[Saved entries]
Start of Block

(* Let $k$ be a positive integer, $p\ge 1$ and $0<\delta\le 1$. Let $(\Omega,\mathcal{F},\mathbb{P})$ be a probability space, $\Sigma$ a $k$-semiring on $\Omega$ with $\Sigma\subseteq\mathcal{F}$, $\mathcal{Q}$ a finite partition of $\Omega$ with $\mathcal{Q}\subseteq\Sigma$, and $f\in L_p(\Omega,\mathcal{F},\mathbb{P})$ with $\|f-\mathbb{E}(f\mid\mathcal{A}_{\mathcal{Q}})\|_{\Sigma}>\delta$. Then there exists a refinement $\mathcal{R}$ of $\mathcal{Q}$ with $\mathcal{R}\subseteq\Sigma$ and $|\mathcal{R}|\le|\mathcal{Q}|(k+1)$ such that $\|\mathbb{E}(f\mid\mathcal{A}_{\mathcal{R}})-\mathbb{E}(f\mid\mathcal{A}_{\mathcal{Q}})\|_{L_p}>\delta$.
   Context: A collection $\Sigma$ of subsets of a nonempty set $\Omega$ is a $k$-semiring on $\Omega$ if: $\emptyset,\Omega\in\Sigma$; $S\cap T\in\Sigma$ for $S,T\in\Sigma$; for $S,T\in\Sigma$ there exist $\ell\in\{1,\dots,k\}$ and pairwise disjoint $R_1,\dots,R_\ell\in\Sigma$ with $S\setminus T=R_1\cup\dots\cup R_\ell$. The $\Sigma$-uniformity norm is $\|g\|_{\Sigma}=\sup\{|\int_S g\,d\mathbb{P}|:S\in\Sigma\}$. For a finite partition $\mathcal{Q}$, $\mathcal{A}_{\mathcal{Q}}$ is the $\sigma$-algebra generated by $\mathcal{Q}$; $\mathcal{Q}\subseteq\Sigma$ means every member of $\mathcal{Q}$ lies in $\Sigma$. *)

From HB Require Import structures.
From mathcomp Require Import all_boot all_order all_algebra finmap.
From mathcomp Require Import all_classical all_reals all_analysis.
Set Implicit Arguments. Unset Strict Implicit. Unset Printing Implicit Defensive.
Import Order.TTheory GRing.Theory Num.Theory.
Local Open Scope classical_set_scope.
Local Open Scope ring_scope.

(* k-semiring on the whole type T (Omega = [set: T]). *)
Definition ksemiring (T : Type) (k : nat) (Sigma : set (set T)) : Prop :=
  [/\ Sigma set0, Sigma setT,
      (forall S U, Sigma S -> Sigma U -> Sigma (S `&` U)) &
      (forall S U, Sigma S -> Sigma U ->
         exists (l : nat) (Rs : 'I_l -> set T),
           [/\ (1 <= l <= k)%N,
               (forall i, Sigma (Rs i)),
               (forall i j, i != j -> Rs i `&` Rs j = set0) &
               S `\` U = \bigcup_(i in [set: 'I_l]) Rs i])].

Definition is_partition (T : choiceType) (Q : {fset (set T)}) : Prop :=
  [/\ (forall A, A \in Q -> A !=set0),
      (forall A B, A \in Q -> B \in Q -> A != B -> A `&` B = set0) &
      (forall x : T, exists2 A, A \in Q & A x)].

Definition refines (T : choiceType) (R Q : {fset (set T)}) : Prop :=
  forall A, A \in R -> exists2 B, B \in Q & A `<=` B.

(* Conditional expectation of f with respect to the sigma-algebra generated by
   the finite partition Q: on a cell A it equals the average (1/P A) int_A f dP;
   on null cells (defined only a.e.) we take the value 0. *)
Definition condexp_part d (T : measurableType d) (R : realType)
  (P : probability T R) (Q : {fset (set T)}) (f : T -> R) : T -> R :=
  fun x => (\sum_(A <- Q)
    (\1_A x * (if fine (P A) == 0 then 0
               else Rintegral P A f / fine (P A))))%R.

Definition sigma_norm d (T : measurableType d) (R : realType)
  (P : probability T R) (Sigma : set (set T)) (g : T -> R) : \bar R :=
  ereal_sup [set `| (\int[P]_(x in S) (g x)%:E) |%E | S in Sigma].

(* Pick S in Sigma with |int_S (f - E(f|Q))| > delta.  Splitting every cell A
   of Q into A `&` S and the at most k pieces of A `\` S given by the k-semiring
   axiom yields a refinement R with cells in Sigma, at most k + 1 per cell of Q,
   each inside S or disjoint from it.  As E(f|R) and f have the same integral
   over every cell of R, they have the same integral over S, so
   int_S (E(f|R) - E(f|Q)) = int_S (f - E(f|Q)); finally
   |int_S h| <= ||h||_1 <= ||h||_p on a probability space. *)

From HB Require Import structures.
From mathcomp Require Import all_boot all_order all_algebra finmap.
From mathcomp Require Import all_classical all_reals all_analysis.
From mathcomp Require Import measurable_realfun ring.
Set Implicit Arguments. Unset Strict Implicit. Unset Printing Implicit Defensive.
Import Order.TTheory GRing.Theory Num.Theory.
Local Open Scope classical_set_scope.
Local Open Scope ring_scope.

Section partition_refinement.
Context {T : choiceType} (Sigma : set (set T)) (S : set T).

Definition on_one_side (B : set T) : Prop := B `<=` S \/ B `&` S = set0.

Definition sigma_split (A : set T) (s : seq (set T)) : Prop :=
  [/\ (forall B, B \in s -> Sigma B),
      (forall B B', B \in s -> B' \in s -> B != B' -> B `&` B' = set0),
      (forall B, B \in s -> B `<=` A),
      (forall x, A x -> exists2 B, B \in s & B x) &
      (forall B, B \in s -> on_one_side B)].

Lemma ksemiring_split k A : ksemiring k Sigma -> Sigma S -> Sigma A ->
  exists2 s, (size s <= k.+1)%N & sigma_split A s.
Proof.
move=> [_ _ SigmaI SigmaD] SigmaS SigmaA.
have [l [Rs [/andP[_ lk] SigmaRs Rs_disj ASE]]] := SigmaD A S SigmaA SigmaS.
have RsAS i : Rs i `<=` A `\` S by rewrite ASE => x Rx; exists i.
pose s := (A `&` S) :: [seq Rs i | i <- enum 'I_l].
have memsP B : B \in s -> B = A `&` S \/ exists i, B = Rs i.
  by rewrite in_cons => /orP[/eqP->|/mapP[i _ ->]]; [left|right; exists i].
exists s; first by rewrite /= size_map size_enum_ord.
split.
- by move=> B /memsP[->|[i ->]]; [exact: SigmaI|exact: SigmaRs].
- move=> B B' /memsP[->|[i ->]] /memsP[->|[j ->]] BB'.
  + by rewrite eqxx in BB'.
  + by rewrite -subset0 => x [[_ Sx] /RsAS[_]].
  + by rewrite -subset0 => x [/RsAS[_] + [_ Sx]].
  + by apply: Rs_disj; apply: contraNneq BB' => ->.
- by move=> B /memsP[->|[i ->]] x => [[]|/RsAS[]].
- move=> x Ax; have [Sx|nSx] := pselect (S x).
    by exists (A `&` S); [rewrite mem_head|].
  have : (A `\` S) x by [].
  rewrite ASE => -[i _ Rx]; exists (Rs i) => //.
  by rewrite in_cons map_f ?orbT ?mem_enum.
- move=> B /memsP[->|[i ->]]; first by left => x [].
  by right; rewrite -subset0 => x [/RsAS[_]].
Qed.

Lemma refine_partition_by_splits (Q : {fset (set T)}) (m : nat)
    (split : set T -> seq (set T)) :
  is_partition Q ->
  (forall A, A \in Q -> (size (split A) <= m)%N /\ sigma_split A (split A)) ->
  exists Rp : {fset (set T)},
    [/\ is_partition Rp, refines Rp Q, (forall B, B \in Rp -> Sigma B),
        (#|` Rp| <= #|` Q| * m)%N & (forall B, B \in Rp -> on_one_side B)].
Proof.
move=> [_ Q_disj Q_cover] Qsplit.
pose Rp := seq_fset tt [seq B <- flatten (map split Q) | B != set0].
have memRpP B : B \in Rp <-> B != set0 /\ exists2 A, A \in Q & B \in split A.
  rewrite seq_fsetE mem_filter; split.
    by move=> /andP[B0 /flattenP[_ /mapP[A AQ ->] BA]]; split => //; exists A.
  move=> [-> [A AQ BA]] /=.
  by apply/flattenP; exists (split A) => //; apply/mapP; exists A.
exists Rp; split.
- split.
  + by move=> B /memRpP[/set0P].
  + move=> B B' /memRpP[_ [A AQ BA]] /memRpP[_ [A' A'Q B'A']] BB'.
    have [[_ [_ A_disj A_sub _ _]] [_ [_ _ A'_sub _ _]]] := (Qsplit A AQ, Qsplit A' A'Q).
    have [AA'|AA'] := eqVneq A A'; first by subst A'; exact: A_disj.
    rewrite -subset0 => x [Bx B'x].
    by rewrite -(Q_disj A A' AQ A'Q AA'); split; [exact: A_sub Bx|exact: A'_sub B'x].
  + move=> x; have [A AQ Ax] := Q_cover x.
    have [_ [_ _ _ A_cover _]] := Qsplit A AQ.
    have [B BA Bx] := A_cover x Ax; exists B => //.
    by apply/memRpP; split; [apply/set0P; exists x|exists A].
- move=> B /memRpP[_ [A AQ BA]]; exists A => //.
  by have [_ [_ _ A_sub _ _]] := Qsplit A AQ; exact: A_sub.
- by move=> B /memRpP[_ [A AQ BA]]; have [_ [+ _ _ _ _]] := Qsplit A AQ; apply.
- rewrite size_seq_fset (leq_trans (size_undup _)) // size_filter.
  rewrite (leq_trans (count_size _ _)) // size_flatten /shape sumnE !big_map.
  apply: (@leq_trans (\sum_(A <- Q) m)%N).
    by rewrite !big_seq; apply: leq_sum => A /Qsplit[].
  by rewrite big_const_seq count_predT iter_addn_0 mulnC.
- by move=> B /memRpP[_ [A AQ BA]]; have [_ [_ _ _ _ +]] := Qsplit A AQ; apply.
Qed.

End partition_refinement.

Lemma ksemiring_refine_partition (T : choiceType) k (Sigma : set (set T))
    (Q : {fset (set T)}) (S : set T) :
  ksemiring k Sigma -> is_partition Q -> (forall A, A \in Q -> Sigma A) ->
  Sigma S ->
  exists Rp : {fset (set T)},
    [/\ is_partition Rp, refines Rp Q, (forall B, B \in Rp -> Sigma B),
        (#|` Rp| <= #|` Q| * k.+1)%N & (forall B, B \in Rp -> on_one_side S B)].
Proof.
move=> ksSigma Qpart SigmaQ SigmaS.
have splitA A : exists s : seq (set T), Sigma A ->
    (size s <= k.+1)%N /\ sigma_split Sigma S A s.
  have [SigmaA|] := pselect (Sigma A); last by exists [::].
  by have [s ? ?] := ksemiring_split ksSigma SigmaS SigmaA; exists s.
have [split splitP] := choice splitA.
apply: (refine_partition_by_splits (split := split) Qpart) => A.
by move=> /SigmaQ /splitP.
Qed.

Section partition_condexp.
Context {d} {T : measurableType d} {R : realType} (P : probability T R).
Local Open Scope ereal_scope.

Lemma integral_partition (Q : {fset (set T)}) (S : set T) (g : T -> R) :
  is_partition Q -> (forall B, B \in Q -> measurable B) -> measurable S ->
  measurable_fun S g ->
  \int[P]_(x in S) (g x)%:E = \sum_(B <- Q) \int[P]_(x in B `&` S) (g x)%:E.
Proof.
move=> [_ Q_disj Q_cover] mQ mS mg.
have SE : S = \big[setU/set0]_(B <- index_enum Q) (val B `&` S).
  rewrite -bigcup_seq; apply/seteqP; split => [x Sx|x [B _ []//]].
  have [A AQ Ax] := Q_cover x.
  by exists [` AQ]%fset; rewrite /= ?mem_index_enum.
rewrite big_seq_fsetE /= [in LHS]SE integral_bigsetU_EFin -?SE //.
- by move=> B; apply: measurableI => //; apply: mQ; apply: fsvalP.
- exact: index_enum_uniq.
- apply/trivIsetP => B B' _ _ BB'.
  by rewrite setIACA setIid (Q_disj _ _ (fsvalP B) (fsvalP B') BB') set0I.
- exact/measurable_EFinP.
Qed.

Definition cell_mean (f : T -> R) (B : set T) : R :=
  if fine (P B) == 0%R then 0%R else (Rintegral P B f / fine (P B))%R.

Lemma condexp_part_cell (Q : {fset (set T)}) (f : T -> R) (B : set T) (x : T) :
  is_partition Q -> B \in Q -> B x -> condexp_part P Q f x = cell_mean f B.
Proof.
move=> [_ Q_disj _] BQ Bx.
rewrite /condexp_part (big_fsetD1 B) //= indicE mem_set // mul1r.
rewrite big1_fset ?addr0 // => A; rewrite in_fsetD1 => /andP[AB AQ] _.
rewrite indicE memNset ?mul0r // => Ax.
by have := Q_disj A B AQ BQ AB; rewrite -subset0 => /(_ x); apply.
Qed.

Lemma integrable_condexp_part (Q : {fset (set T)}) (f : T -> R) :
  (forall A, A \in Q -> measurable A) ->
  P.-integrable setT (EFin \o condexp_part P Q f).
Proof.
move=> mQ.
have -> : EFin \o condexp_part P Q f =
    fun x => \sum_(A <- Q | A \in Q) (\1_A x)%:E * (cell_mean f A)%:E.
  by apply/funext => x /=; rewrite /condexp_part sumEFin big_seq.
apply: integrable_sum => // A AQ.
by apply: integrableZr => //; exact: integrable_indic (mQ A AQ).
Qed.

Lemma integral_condexp_part_cell (Q : {fset (set T)}) (f : T -> R) (B : set T) :
  is_partition Q -> B \in Q -> measurable B -> P.-integrable setT (EFin \o f) ->
  \int[P]_(x in B) (condexp_part P Q f x)%:E = \int[P]_(x in B) (f x)%:E.
Proof.
move=> Qpart BQ mB f_int.
have f_intB : P.-integrable B (EFin \o f) by exact: integrableS f_int.
rewrite (eq_integral (fun=> (cell_mean f B)%:E)); last first.
  by move=> x /[!inE] Bx; rewrite (condexp_part_cell _ Qpart BQ Bx).
rewrite integral_cst // /cell_mean; case: ifPn => [/eqP PB0|PB0].
  rewrite mul0e null_set_integral //; first exact: measurable_int f_intB.
  by apply/eqP; rewrite -fine_eq0 ?fin_num_measure // PB0.
rewrite -[X in _ * X]fineK ?fin_num_measure // -EFinM divfK //.
by rewrite /Rintegral fineK //; exact: integrable_fin_num.
Qed.

Lemma integral_condexp_part_on_one_side (Q : {fset (set T)}) (S : set T) (f : T -> R) :
  is_partition Q -> (forall B, B \in Q -> measurable B) -> measurable S ->
  (forall B, B \in Q -> on_one_side S B) -> P.-integrable setT (EFin \o f) ->
  \int[P]_(x in S) (condexp_part P Q f x)%:E = \int[P]_(x in S) (f x)%:E.
Proof.
move=> Qpart mQ mS Qside f_int.
have mfunS g : P.-integrable setT (EFin \o g) -> measurable_fun S g.
  move=> /measurable_int/measurable_EFinP.
  exact: measurable_funS.
have [mE mf] := (mfunS _ (integrable_condexp_part f mQ), mfunS _ f_int).
rewrite !(integral_partition Qpart mQ mS) //.
apply: eq_big_seq => B BQ; have [BS|BS0] := Qside B BQ.
  by rewrite setIidl // (integral_condexp_part_cell Qpart BQ (mQ B BQ) f_int).
by rewrite BS0 !integral_set0.
Qed.

End partition_condexp.

Section Lnorm_probability.
Context {d} {T : measurableType d} {R : realType} (P : probability T R).
Local Open Scope ereal_scope.

Lemma Lnorm1_le_Lnorm (p : R) (h : T -> R) : (1 <= p)%R -> measurable_fun setT h ->
  Lnorm P 1 (EFin \o h) <= Lnorm P p%:E (EFin \o h).
Proof.
move=> p1 mh; have [->//|pn1] := eqVneq p 1%R.
have p1' : (1 < p)%R by rewrite lt_neqAle eq_sym pn1.
have p0 : (0 < p)%R by rewrite (lt_trans ltr01).
pose q := (p / (p - 1))%R.
have q0 : (0 < q)%R by rewrite divr_gt0 // subr_gt0.
have pq : (p^-1 + q^-1 = 1)%R by rewrite /q invf_div; field; rewrite gt_eqF.
have := @hoelder _ _ _ P h (cst 1%R) p q mh (measurable_cst _) p0 q0 pq.
have -> : Lnorm P q%:E (EFin \o cst 1%R) = 1.
  rewrite (@eq_Lnorm _ _ _ P _ _ (cst 1)) // Lnorm_cst1.
  apply: (eq_trans (congr1 (fun x => x `^ q^-1) (probability_setT P))).
  exact: poweR1r.
by rewrite mule1 (@eq_Lnorm _ _ _ P _ _ (EFin \o h)) // => x /=; rewrite mulr1.
Qed.

Lemma Lnorm_lty_integrable (p : R) (h : T -> R) : (1 <= p)%R ->
  measurable_fun setT h -> Lnorm P p%:E (EFin \o h) < +oo ->
  P.-integrable setT (EFin \o h).
Proof.
move=> p1 mh hp; apply/integrableP; split.
  exact/measurable_EFinP.
by rewrite -Lnorm1; exact: le_lt_trans (Lnorm1_le_Lnorm p1 mh) hp.
Qed.

Lemma abse_integral_le_Lnorm (p : R) (S : set T) (h : T -> R) : (1 <= p)%R ->
  measurable S -> measurable_fun setT h ->
  `| \int[P]_(x in S) (h x)%:E | <= Lnorm P p%:E (EFin \o h).
Proof.
move=> p1 mS mh.
have mEh : measurable_fun setT (EFin \o h) by exact/measurable_EFinP.
apply: le_trans (le_abse_integral _ mS (measurable_funS measurableT (subsetT S) mEh)) _.
apply: le_trans (ge0_subset_integral _ mS measurableT _ _ (subsetT S)) _ => //.
  exact: measurableT_comp.
by rewrite -Lnorm1; exact: Lnorm1_le_Lnorm.
Qed.

End Lnorm_probability.

Theorem lemma3p3 (d : measure_display) (T : measurableType d) (R : realType)
  (P : probability T R) (k : nat) (p delta : R)
  (Sigma : set (set T)) (Q : {fset (set T)}) (f : T -> R) :
  (0 < k)%N -> 1 <= p -> 0 < delta -> delta <= 1 ->
  ksemiring k Sigma -> (forall S, Sigma S -> measurable S) ->
  is_partition Q -> (forall A, A \in Q -> Sigma A) ->
  measurable_fun setT f -> (Lnorm P p%:E (fun x => (f x)%:E) < +oo)%E ->
  (delta%:E < sigma_norm P Sigma (fun x => f x - condexp_part P Q f x)%R)%E ->
  exists Rp : {fset (set T)},
    [/\ is_partition Rp, refines Rp Q, (forall A, A \in Rp -> Sigma A),
        (#|` Rp|%fset <= #|` Q|%fset * k.+1)%N &
        (delta%:E < Lnorm P p%:E (fun x => (condexp_part P Rp f x - condexp_part P Q f x)%R%:E))%E].
Proof.
move=> _ p1 _ _ ksSigma SigmaM Qpart SigmaQ mf fLp.
move=> /ereal_sup_gt[_ [S SigmaS <-] ltdS].
have [Rp [Rpart RpQ SigmaRp cardRp Rpside]] :=
  ksemiring_refine_partition ksSigma Qpart SigmaQ SigmaS.
exists Rp; split => //.
have mS := SigmaM S SigmaS.
have f_int := Lnorm_lty_integrable p1 mf fLp.
have mRp A : A \in Rp -> measurable A by move=> /SigmaRp /SigmaM.
have mQ A : A \in Q -> measurable A by move=> /SigmaQ /SigmaM.
have [ER_int EQ_int] :=
  (integrable_condexp_part P f mRp, integrable_condexp_part P f mQ).
have intS g : P.-integrable setT (EFin \o g) -> P.-integrable S (EFin \o g).
  exact: integrableS.
have mfun g : P.-integrable setT (EFin \o g) -> measurable_fun setT g.
  by move=> /measurable_int /measurable_EFinP.
apply: (lt_le_trans ltdS).
rewrite [X in `|X|%E](_ : _ = (\int[P]_(x in S)
    ((condexp_part P Rp f x)%:E - (condexp_part P Q f x)%:E))%E).
  apply: abse_integral_le_Lnorm => //.
  by apply: measurable_funB; exact: mfun.
under eq_integral do rewrite EFinB.
rewrite !integralB_EFin ?intS //.
by rewrite (integral_condexp_part_on_one_side Rpart mRp mS Rpside f_int).
Qed.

End of Block

**What you should do**: Only the lines above starting with the one with "From mathcomp Require Import measurable_realfun" and going through the one with "[/\ (forall B, B" are to be copied, word for word and with both ends kept.

**Task result**:
From mathcomp Require Import measurable_realfun ring.
Set Implicit Arguments. Unset Strict Implicit. Unset Printing Implicit Defensive.
Import Order.TTheory GRing.Theory Num.Theory.
Local Open Scope classical_set_scope.
Local Open Scope ring_scope.

Section partition_refinement.
Context {T : choiceType} (Sigma : set (set T)) (S : set T).

Definition on_one_side (B : set T) : Prop := B `<=` S \/ B `&` S = set0.

Definition sigma_split (A : set T) (s : seq (set T)) : Prop :=
  [/\ (forall B, B \in s -> Sigma B),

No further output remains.